▶ **What is required**
Look for "RcircleH" in each line of the entries, and return the matching lines.

[Dataset entries]
* * * *
Lemma abs_arg_scale (K : R) z : 0 < K -> abs_arg (K * z) = abs_arg z.
Proof.
intros HK; unfold abs_arg; f_equal.
destruct (Ceq_dec z 0) as [->|Hz].
- now rewrite Cmult_0_r.
- rewrite re_scal_l, Cmod_mult, Cmod_R, Rabs_pos_eq by lra.
  field; split; [apply Rgt_not_eq, Cmod_gt_0, Hz | lra].
Qed.

Lemma hangle_abs_arg v w : hangle v w = abs_arg (Cxy v * Cconj (Cxy w)).
Proof.
unfold hangle, abs_arg; rewrite Cmod_mult, Cmod_conj.
unfold hinner, Cxy, Cmod, Cconj, Cmult, Re; simpl.
f_equal; f_equal; [ring | f_equal; f_equal; ring].
Qed.

Theorem proposition6p2 :
  (* Part 1 *)
  (forall (p q : Hpt) (a b a' b' : R), p <> q ->
     Cmod (OmegaH p q (hvec p a b) (hvec q a' b'))
     = 2 * (hnorm2 a b * hnorm2 a' b') / (dH p q ^ 2))
  /\
  (* Part 2: K = gamma(R) a Legendrian knot (oriented by gamma), p = gamma s0,
     q = gamma s1 distinct, v, v' positively tangent to K at p, q;
     G1 = Gamma_K(p,q) an R-circle through p, q tangent to K at p, oriented by K at p;
     G2 = Gamma_K(q,p) an R-circle through q, p tangent to K at q, oriented by K at q;
     theta_K(p,q) = angle at p between the oriented G1 and G2. *)
  (forall (gamma : R -> Hpt) (T s0 s1 lam mu : R)
          (G1 G2 : Hpt -> Prop) (c1 c2 : R -> Hpt) (t0 r0 r1 al be : R),
     legendrian_knot gamma T ->
     gamma s0 <> gamma s1 ->
     0 < lam -> 0 < mu ->
     RcircleH G1 -> G1 (gamma s0) -> G1 (gamma s1) ->
     oriented_param G1 c1 -> c1 t0 = gamma s0 ->
     0 < al -> velocity c1 t0 = scale3 al (velocity gamma s0) ->
     RcircleH G2 -> G2 (gamma s1) -> G2 (gamma s0) ->
     oriented_param G2 c2 -> c2 r1 = gamma s1 -> c2 r0 = gamma s0 ->
     0 < be -> velocity c2 r1 = scale3 be (velocity gamma s1) ->
     abs_arg (OmegaH (gamma s0) (gamma s1)
                           (scale3 lam (velocity gamma s0))
                           (scale3 mu (velocity gamma s1)))
     = hangle (velocity c1 t0) (velocity c2 r0)).
Proof.
split.
- intros p q a b a' b' Hpq; now apply Cmod_OmegaH_hvec.
- (* Gamma_K(p, q) enters only through its tangent at p, which [Hv1] fixes. *)
  intros gamma T s0 s1 lam mu G1 G2 k1 k2 t0 r0 r1 al be HK Hpq Hlam Hmu _ _ _ _ _ Hal Hv1
    HG2 _ _ Hk2 Hq Hp Hbe Hv2.
  destruct HK as (_ & _ & _ & _ & _ & Hhor).
  assert (Hrho : rhoH (gamma s0) (gamma s1) <> 0%C) by (intros E; apply Hpq, rhoH_eq0, E).
  destruct (Rcircle_tangent_relation G2 k2 r0 r1 HG2 Hk2) as (K & HK & Hw);
    [now rewrite Hp, Hq|].
  rewrite Hp, Hq, Hv2, Cxy_scale3 in Hw.
  rewrite OmegaH_horizontal, hangle_abs_arg, Hv1 by (auto using horizontal_at_scale3).
  set (X := (Cxy (velocity gamma s0) * Cconj (Cxy (velocity gamma s1))
             * Cconj (rhoH (gamma s0) (gamma s1))
             / (rhoH (gamma s0) (gamma s1) * rhoH (gamma s0) (gamma s1)))%C).
  replace (2 * _ * _ * _ / _)%C with (RtoC (2 * lam * mu) * X)%C.
  2: { unfold X; rewrite !Cxy_scale3, Cmult_conj, Cconj_RtoC, !RtoC_mult; field; exact Hrho. }
  replace (Cxy (scale3 al _) * _)%C with (RtoC (al * K * be) * X)%C.
  2: { unfold X; rewrite Cxy_scale3, Hw, Cmult_conj, Cconj_RtoC, !RtoC_mult; field; exact Hrho. }
  rewrite !abs_arg_scale; [reflexivity | ..]; apply Rmult_lt_0_compat; try apply Rmult_lt_0_compat; lra.
Qed.
(* Let $t(n)=\operatorname{num}_{\mathcal T}(n,1)$ for $n\ge1$ and $t(0)=1$. Then $t(3n)=t(3n+1)=t(3n+2)$ for all $n\ge0$, and $t(3n)-t(3n-2)=2^{2n}t(n)$ for all $n\ge1$.
   Context: A ternary partition of $n$ is a partition of $n$ (finite nonincreasing sequence of positive integers summing to $n$) all of whose parts are powers of $3$ (including $1$); $\mathcal T(n)$ is the set of ternary partitions of $n$, and $m_\lambda(i)$ the number of parts of $\lambda$ equal to $i$. For $\lambda\in\mathcal T(n)$ let $h_{\mathcal T,\lambda}(x)=\prod_{k\ge0}(1+x^{3^k})^{\lfloor n/3^k\rfloor-m_\lambda(3^k)}$. Let $G_{\mathcal T}(n,x)=\gcd\{h_{\mathcal T,\lambda}(x):\lambda\in\mathcal T(n)\}$ in $\mathbb{Z}[x]$ (normalized with positive leading coefficient), and $\operatorname{num}_{\mathcal T}(n,x)=\frac{1}{G_{\mathcal T}(n,x)}\sum_{\lambda\in\mathcal T(n)}h_{\mathcal T,\lambda}(x)\in\mathbb{Z}[x]$. *)

From HB Require Import structures.
From mathcomp Require Import all_boot all_order all_algebra.
From Stdlib Require Import ClassicalEpsilon.
Set Implicit Arguments. Unset Strict Implicit. Unset Printing Implicit Defensive.
Import Order.TTheory GRing.Theory Num.Theory.

(* x is a power of 3 (3^k with k <= x suffices since 3^k > k) *)
Definition is_pow3 (x : nat) : bool := has (fun k => x == 3 ^ k) (iota 0 x.+1).

Definition is_tpart (n : nat) (l : seq nat) : bool :=
  [&& sorted geq l, all (fun x => 0 < x) l, all is_pow3 l & sumn l == n].

Fixpoint seqs_upto (k : nat) (vals : seq nat) : seq (seq nat) :=
  match k with
  | 0 => [:: [::]]
  | k'.+1 => [::] :: [seq x :: s | x <- vals, s <- seqs_upto k' vals]
  end.

(* T(n): the (duplicate-free) list of all ternary partitions of n.
   Every partition of n has length <= n and parts in 1..n. *)
Definition tparts (n : nat) : seq (seq nat) :=
  undup [seq l <- seqs_upto n (iota 1 n) | is_tpart n l].

Local Open Scope ring_scope.

(* h_{T,lambda}(x) = prod_k (1 + x^(3^k))^(floor(n/3^k) - m_lambda(3^k));
   factors with 3^k > n have exponent 0, so k ranges over 0..n. *)
Definition hT (n : nat) (l : seq nat) : {poly int} :=
  \prod_(k < n.+1) (1 + 'X^(3 ^ k)) ^+ (n %/ 3 ^ k - count_mem (3 ^ k) l)%N.

Definition dvdZ (d p : {poly int}) : Prop := exists q : {poly int}, p = q * d.

Definition is_gcdZ (s : seq {poly int}) (g : {poly int}) : Prop :=
  (forall p, p \in s -> dvdZ g p) /\
  (forall d, (forall p, p \in s -> dvdZ d p) -> dvdZ d g) /\
  0 < lead_coef g.

Definition GT (n : nat) : {poly int} :=
  epsilon (inhabits 0) (is_gcdZ [seq hT n l | l <- tparts n]).

Definition numT (n : nat) : {poly int} :=
  epsilon (inhabits 0) (fun q => q * GT n = \sum_(l <- tparts n) hT n l).

Definition t (n : nat) : int := if n == 0%N then 1 else (numT n).[1].

(* Every root z of the factors 1 + x^(3^k) satisfies z^(3^k) = -1 exactly for k
   beyond some threshold i, and h_lambda vanishes at z to the order
   sum_(k >= i) (floor(n/3^k) - m_lambda(3^k)).  As sum_(k >= i) m_lambda(3^k)
   <= floor(n/3^i), with equality for the greedy partition into parts 3^i and 1,
   the gcd is G_T(n,x) = prod_(k < n) (1 + x^(3^k))^floor(n/3^(k+1)); divisibility
   in Z[x] can be read off in C[x] because the divisors have unit leading
   coefficients.  Evaluating at x = 1 then gives t(n) = sum_lambda 2^(n - length
   lambda).  Deleting the ones of a ternary partition of m and dividing its other
   parts by 3 leaves a ternary partition of some j <= m/3; hence
   t(m) = sum_(j <= m/3) 4^j t(j), which depends only on floor(m/3) and yields
   both identities. *)

From mathcomp Require Import all_boot all_order all_algebra all_field zify.
From Stdlib Require Import ClassicalEpsilon.
Import Order.TTheory GRing.Theory Num.Theory.

Set Implicit Arguments.
Unset Strict Implicit.
Unset Printing Implicit Defensive.

Lemma size_le_sumn l : all (fun x => 0 < x) l -> size l <= sumn l.
Proof. by elim: l => //= x l IH /andP[x_gt0 /IH]; lia. Qed.

Lemma sumn_map_muln a l : sumn (map (muln a) l) = a * sumn l.
Proof. by elim: l => [|x l /= ->]; rewrite ?muln0 ?mulnDr. Qed.

Lemma leq_sumn_mem l x : x \in l -> x <= sumn l.
Proof. by elim: l => //= y l IH; rewrite in_cons => /orP[/eqP->|/IH]; lia. Qed.

Lemma mem_tparts n l : (l \in tparts n) = is_tpart n l.
Proof.
have seqs_upto_mem k vals s :
    size s <= k -> all (mem vals) s -> s \in seqs_upto k vals.
  elim: k s => [|k IH] [|x s] //=; rewrite ?in_cons ?eqxx // => Hs /andP[Hx Hl].
  by rewrite (allpairs_f (fun x s => x :: s) Hx (IH _ Hs Hl)) orbT.
rewrite mem_undup mem_filter; apply: andb_idr => /and4P[_ Hpos _ /eqP Hsum].
apply: seqs_upto_mem; first by rewrite -Hsum size_le_sumn.
apply/allP => x Hx; rewrite /= mem_iota -Hsum.
by have := allP Hpos x Hx; have := leq_sumn_mem Hx; lia.
Qed.

Lemma is_pow3P x : reflect (exists k, x = 3 ^ k) (is_pow3 x).
Proof.
apply: (iffP hasP) => [[k _ /eqP ->]|[k ->]]; first by exists k.
by exists k => //; rewrite mem_iota ltnS; apply/ltnW/ltn_expl.
Qed.

Lemma tpart_size_le n l : is_tpart n l -> size l <= n.
Proof. by case/and4P=> _ Hpos _ /eqP <-; apply: size_le_sumn. Qed.

Lemma tpart_pow3 n l x : is_tpart n l -> x \in l -> exists2 k, k < n.+1 & x = 3 ^ k.
Proof.
case/and4P=> _ _ Hp3 /eqP Hsum Hx; have /is_pow3P[k Dx] := allP Hp3 x Hx.
exists k => //; rewrite ltnS -Hsum (leq_trans _ (leq_sumn_mem Hx)) // Dx.
exact/ltnW/ltn_expl.
Qed.

(** Every ternary partition of [m] is [3 * mu] followed by [m - 3 j] ones, for a
    unique ternary partition [mu] of some [j <= m %/ 3]. *)
Definition untriple (l : seq nat) : seq nat := [seq x %/ 3 | x <- l & 1 < x].

Definition triple_pad (m j : nat) (l : seq nat) : seq nat :=
  map (muln 3) l ++ nseq (m - 3 * j) 1.

Lemma triple_padK m j l : all (fun x => 0 < x) l -> untriple (triple_pad m j l) = l.
Proof.
move=> Hpos; rewrite /untriple /triple_pad filter_cat filter_nseq cats0 /=.
have /all_filterP -> : all (fun x => 1 < x) (map (muln 3) l).
  by rewrite all_map; apply: sub_all Hpos => x /=; lia.
by rewrite -map_comp map_id_in // => x _; rewrite /= mulKn.
Qed.

Lemma sorted_geq_cat_ones s a :
  sorted geq s -> all (fun x => 0 < x) s -> sorted geq (s ++ nseq a 1).
Proof.
have path_ones y b : 0 < y -> path geq y (nseq b 1).
  by elim: b y => //= b IH y Hy; rewrite IH // andbT.
case: s => [|x s]; first by case: a => //= a _ _; apply: path_ones.
move=> Hs Hpos; have last_gt0 := allP Hpos _ (mem_last x s).
by move: Hs; rewrite /= cat_path => ->; apply: path_ones.
Qed.

Lemma sorted_geq_ones l : sorted geq l -> all (fun x => 0 < x) l ->
  l = [seq x <- l | 1 < x] ++ nseq (count_mem 1 l) 1.
Proof.
elim: l => //= x s IH Hp /andP[x_gt0 Hpos]; have Hs := path_sorted Hp.
case: ltnP => [x_gt1|x_le1]; first by rewrite gtn_eqF // add0n {1}(IH Hs Hpos).
have -> : x = 1 by lia.
have s_ones : all (pred1 1) s.
  apply/allP => y Hy; have := allP (order_path_min (rev_trans leq_trans) Hp) y Hy.
  by have := allP Hpos y Hy; rewrite /=; lia.
rewrite (eq_in_filter (a2 := pred0)) ?filter_pred0 => [|y /(allP s_ones)/eqP->//].
by rewrite eqxx add1n /= (all_pred1P _ _ s_ones) count_nseq /= mul1n.
Qed.

Lemma tpart_triple_pad m j l :
  j <= m %/ 3 -> is_tpart j l -> is_tpart m (triple_pad m j l).
Proof.
rewrite leq_divRL // => Hj /and4P[Hs Hpos Hp3 /eqP Hsum].
have Hpos3 : all (fun x => 0 < x) (map (muln 3) l).
  by rewrite all_map; apply: sub_all Hpos => x /=; lia.
apply/and4P; split.
- rewrite sorted_geq_cat_ones //.
  by apply: homo_sorted Hs => x y /=; rewrite leq_mul2l.
- by rewrite all_cat Hpos3 all_nseq orbT.
- rewrite all_cat all_nseq orbT andbT all_map.
  by apply: sub_all Hp3 => x /is_pow3P[k ->]; apply/is_pow3P; exists k.+1; rewrite expnS.
- by rewrite sumn_cat sumn_map_muln sumn_nseq Hsum; apply/eqP; lia.
Qed.

Lemma tpart_untriple m l (mu := untriple l) : is_tpart m l ->
  [/\ sumn mu <= m %/ 3, is_tpart (sumn mu) mu & triple_pad m (sumn mu) mu = l].
Proof.
case/and4P=> Hs Hpos Hp3 /eqP Hsum.
have big3 x : x \in l -> 1 < x -> 3 * (x %/ 3) = x /\ is_pow3 (x %/ 3).
  move=> Hx; have /is_pow3P[[|k] ->] := allP Hp3 x Hx => // _.
  by rewrite expnS mulKn //; split => //; apply/is_pow3P; exists k.
have Dmu : map (muln 3) mu = [seq x <- l | 1 < x].
  rewrite -map_comp map_id_in // => x; rewrite mem_filter => /andP[x_gt1 Hx].
  by case: (big3 x Hx x_gt1).
have sum_mu : 3 * sumn mu + count_mem 1 l = m.
  by rewrite -sumn_map_muln Dmu -Hsum {3}(sorted_geq_ones Hs Hpos) sumn_cat sumn_nseq mul1n.
split.
- by rewrite leq_divRL //; lia.
- apply/and4P; split => //.
  + by apply: homo_sorted (sorted_filter (rev_trans leq_trans) _ Hs) => x y; apply: leq_div2r.
  + rewrite all_map all_filter; apply/allP => x Hx /=; apply/implyP => x_gt1.
    by case: (big3 x Hx x_gt1); lia.
  + rewrite all_map all_filter; apply/allP => x Hx /=; apply/implyP => x_gt1.
    by case: (big3 x Hx x_gt1).
- by rewrite /triple_pad Dmu [RHS](sorted_geq_ones Hs Hpos); congr (_ ++ nseq _ _); lia.
Qed.

Lemma perm_tparts_block m j : j <= m %/ 3 ->
  perm_eq [seq l <- tparts m | sumn (untriple l) == j]
          [seq triple_pad m j mu | mu <- tparts j].
Proof.
move=> Hj; apply: uniq_perm; first exact/filter_uniq/undup_uniq.
  rewrite map_inj_in_uniq ?undup_uniq // => mu1 mu2.
  rewrite !mem_tparts => /and4P[_ Hpos1 _ _] /and4P[_ Hpos2 _ _] E.
  by rewrite -(triple_padK m j Hpos1) E triple_padK.
move=> l; rewrite mem_filter mem_tparts.
apply/andP/mapP => [[/eqP <- /tpart_untriple[_ Hmu Dl]]|[mu Hmu ->]].
  by exists (untriple l); rewrite ?mem_tparts.
move: Hmu; rewrite mem_tparts => Hmu; case/and4P: (Hmu) => _ Hpos _ /eqP Hsum.
by rewrite triple_padK // Hsum tpart_triple_pad.
Qed.

Definition tweight (m : nat) : nat := \sum_(l <- tparts m) 2 ^ (m - size l).

Lemma tweight_rec m : tweight m = \sum_(j < (m %/ 3).+1) 4 ^ j * tweight j.
Proof.
rewrite /tweight; transitivity (\sum_(l <- tparts m) \sum_(j < (m %/ 3).+1)
    (if sumn (untriple l) == j then 2 ^ (m - size l) else 0)).
  rewrite big_seq [RHS]big_seq; apply: eq_bigr => l.
  rewrite mem_tparts => /tpart_untriple[Hj _ _].
  rewrite (bigD1 (Ordinal (Hj : _ < (m %/ 3).+1))) //= eqxx big1 ?addn0 // => i.
  by rewrite -val_eqE /= eq_sym => /negbTE ->.
rewrite exchange_big; apply: eq_bigr => -[j /= Hj] _; rewrite ltnS in Hj.
rewrite -big_mkcond -big_filter (perm_big _ (perm_tparts_block Hj)) big_map big_distrr.
apply: eq_big_seq => mu; rewrite mem_tparts => /tpart_size_le Hmu.
rewrite size_cat size_map size_nseq.
have -> : m - (size mu + (m - 3 * j)) = 2 * j + (j - size mu).
  by move: Hj Hmu; rewrite leq_divRL //; move: (size mu); lia.
by rewrite expnD expnM.
Qed.

Lemma tweight_mod3 n r : r < 3 -> tweight (3 * n + r) = tweight (3 * n).
Proof.
move=> r_lt3; rewrite (tweight_rec (3 * n + r)) (tweight_rec (3 * n)).
have -> : (3 * n + r) %/ 3 = n by lia.
by have -> : 3 * n %/ 3 = n by lia.
Qed.
Lemma teq_cat s s' t t' : teq s s' -> teq t t' -> teq (s ++ t) (s' ++ t').
Proof. by move=> eq_s eq_t U b bil_b; rewrite !teval_cat eq_s // eq_t. Qed.

End TensorEquality.

Section TensorAlgebra.
Variables (k : fieldType) (A : algType k).
Implicit Types (s t : tensor A A) (U : lmodType k).

Lemma teval_tpure U (b : A -> A -> U) x y : teval b (tpure x y) = b x y.
Proof. exact: big_seq1. Qed.

Lemma teval_tscale U (b : A -> A -> U) c s :
  bilinear_map b -> teval b (tscale c s) = c *: teval b s.
Proof.
move=> /bilinear_mapP[lin_l _]; rewrite /teval big_map scaler_sumr.
by apply: eq_bigr => x _; rewrite (scalable_linear (lin_l _)).
Qed.

Lemma teval_tscale_cat U (b : A -> A -> U) c s t :
  bilinear_map b -> teval b (tscale c s ++ t) = c *: teval b s + teval b t.
Proof. by move=> bil_b; rewrite teval_cat teval_tscale. Qed.

Lemma teq_tscale c s t : teq s t -> teq (tscale c s) (tscale c t).
Proof. by move=> eq_st U b bil_b; rewrite !teval_tscale // eq_st. Qed.

Lemma tpure_linearl (c : k) (x x' y : A) :
  teq (tpure (c *: x + x') y) (tscale c (tpure x y) ++ tpure x' y).
Proof.
move=> U b bil_b; rewrite teval_tscale_cat // !teval_tpure.
by rewrite ((bilinear_mapP b).1 bil_b).1.
Qed.

Lemma tpure_linearr (c : k) (x y y' : A) :
  teq (tpure x (c *: y + y')) (tscale c (tpure x y) ++ tpure x y').
Proof.
move=> U b bil_b; rewrite teval_tscale_cat // !teval_tpure.
by rewrite ((bilinear_mapP b).1 bil_b).2.
Qed.

Lemma teq_tmulr s t t' : teq t t' -> teq (tmul s t) (tmul s t').
Proof.
move=> eq_t U b /bilinear_mapP[lin_l lin_r]; rewrite /teval /tmul !big_allpairs_dep.
rewrite exchange_big [RHS]exchange_big /=.
apply: (eq_t _ (fun u v => \sum_(x <- s) b (x.1 * u) (x.2 * v))).
apply/bilinear_mapP; split=> [w|v]; apply: linear_bigsum => x.
  exact: (linear_comp (lin_l _) (linear_mull _)).
exact: (linear_comp (lin_r _) (linear_mull _)).
Qed.

Lemma bilinear_mulr_r U (b : A -> A -> U) (y : A) :
  bilinear_map b -> bilinear_map (fun u v => b u (v * y)).
Proof.
move=> /bilinear_mapP[lin_l lin_r]; apply/bilinear_mapP.
by split=> [w|u]; [exact: lin_l | exact: (linear_comp (lin_r u) (linear_mulr _))].
Qed.

Lemma bilinear_mull_l U (b : A -> A -> U) (x : A) :
  bilinear_map b -> bilinear_map (fun u v => b (x * u) v).
Proof.
move=> /bilinear_mapP[lin_l lin_r]; apply/bilinear_mapP.
by split=> [w|u]; [exact: (linear_comp (lin_l w) (linear_mull _)) | exact: lin_r].
Qed.

Lemma tmul1l t : teq (tmul (tpure 1 1) t) t.
Proof.
move=> U b _; rewrite /teval /tmul /tpure big_allpairs_dep big_seq1 /=.
by apply: eq_bigr => x _; rewrite !mul1r.
Qed.

Lemma tmul1r s : teq (tmul s (tpure 1 1)) s.
Proof.
move=> U b _; rewrite /teval /tmul /tpure big_allpairs_dep /=.
by apply: eq_bigr => x _; rewrite big_seq1 !mulr1.
Qed.

Lemma tinverse_linear (T Ti : tensor A A -> tensor A A) :
  (forall s t, T (s ++ t) = T s ++ T t) ->
  (forall c s, teq (T (tscale c s)) (tscale c (T s))) ->
  tinverse T Ti ->
  forall c s t, teq (Ti (tscale c s ++ t)) (tscale c (Ti s) ++ Ti t).
Proof.
move=> T_cat T_scale [Ti_teq TTi TiT] c s t.
apply: (teq_trans (t := Ti (T (tscale c (Ti s) ++ Ti t)))); last exact: TiT.
apply: Ti_teq; rewrite T_cat; apply: teq_cat; last exact: teq_sym.
by apply: teq_trans (teq_sym (T_scale _ _)); apply/teq_tscale/teq_sym.
Qed.

Definition tmult s : A := teval *%R s.

Lemma bilinear_mul : bilinear_map ( *%R : A -> A -> A).
Proof.
by apply/bilinear_mapP; split=> y; [apply: linear_mulr | apply: linear_mull].
Qed.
* * * *
▶ **Response area**
     RcircleH G1 -> G1 (gamma s0) -> G1 (gamma s1) ->
     RcircleH G2 -> G2 (gamma s1) -> G2 (gamma s0) ->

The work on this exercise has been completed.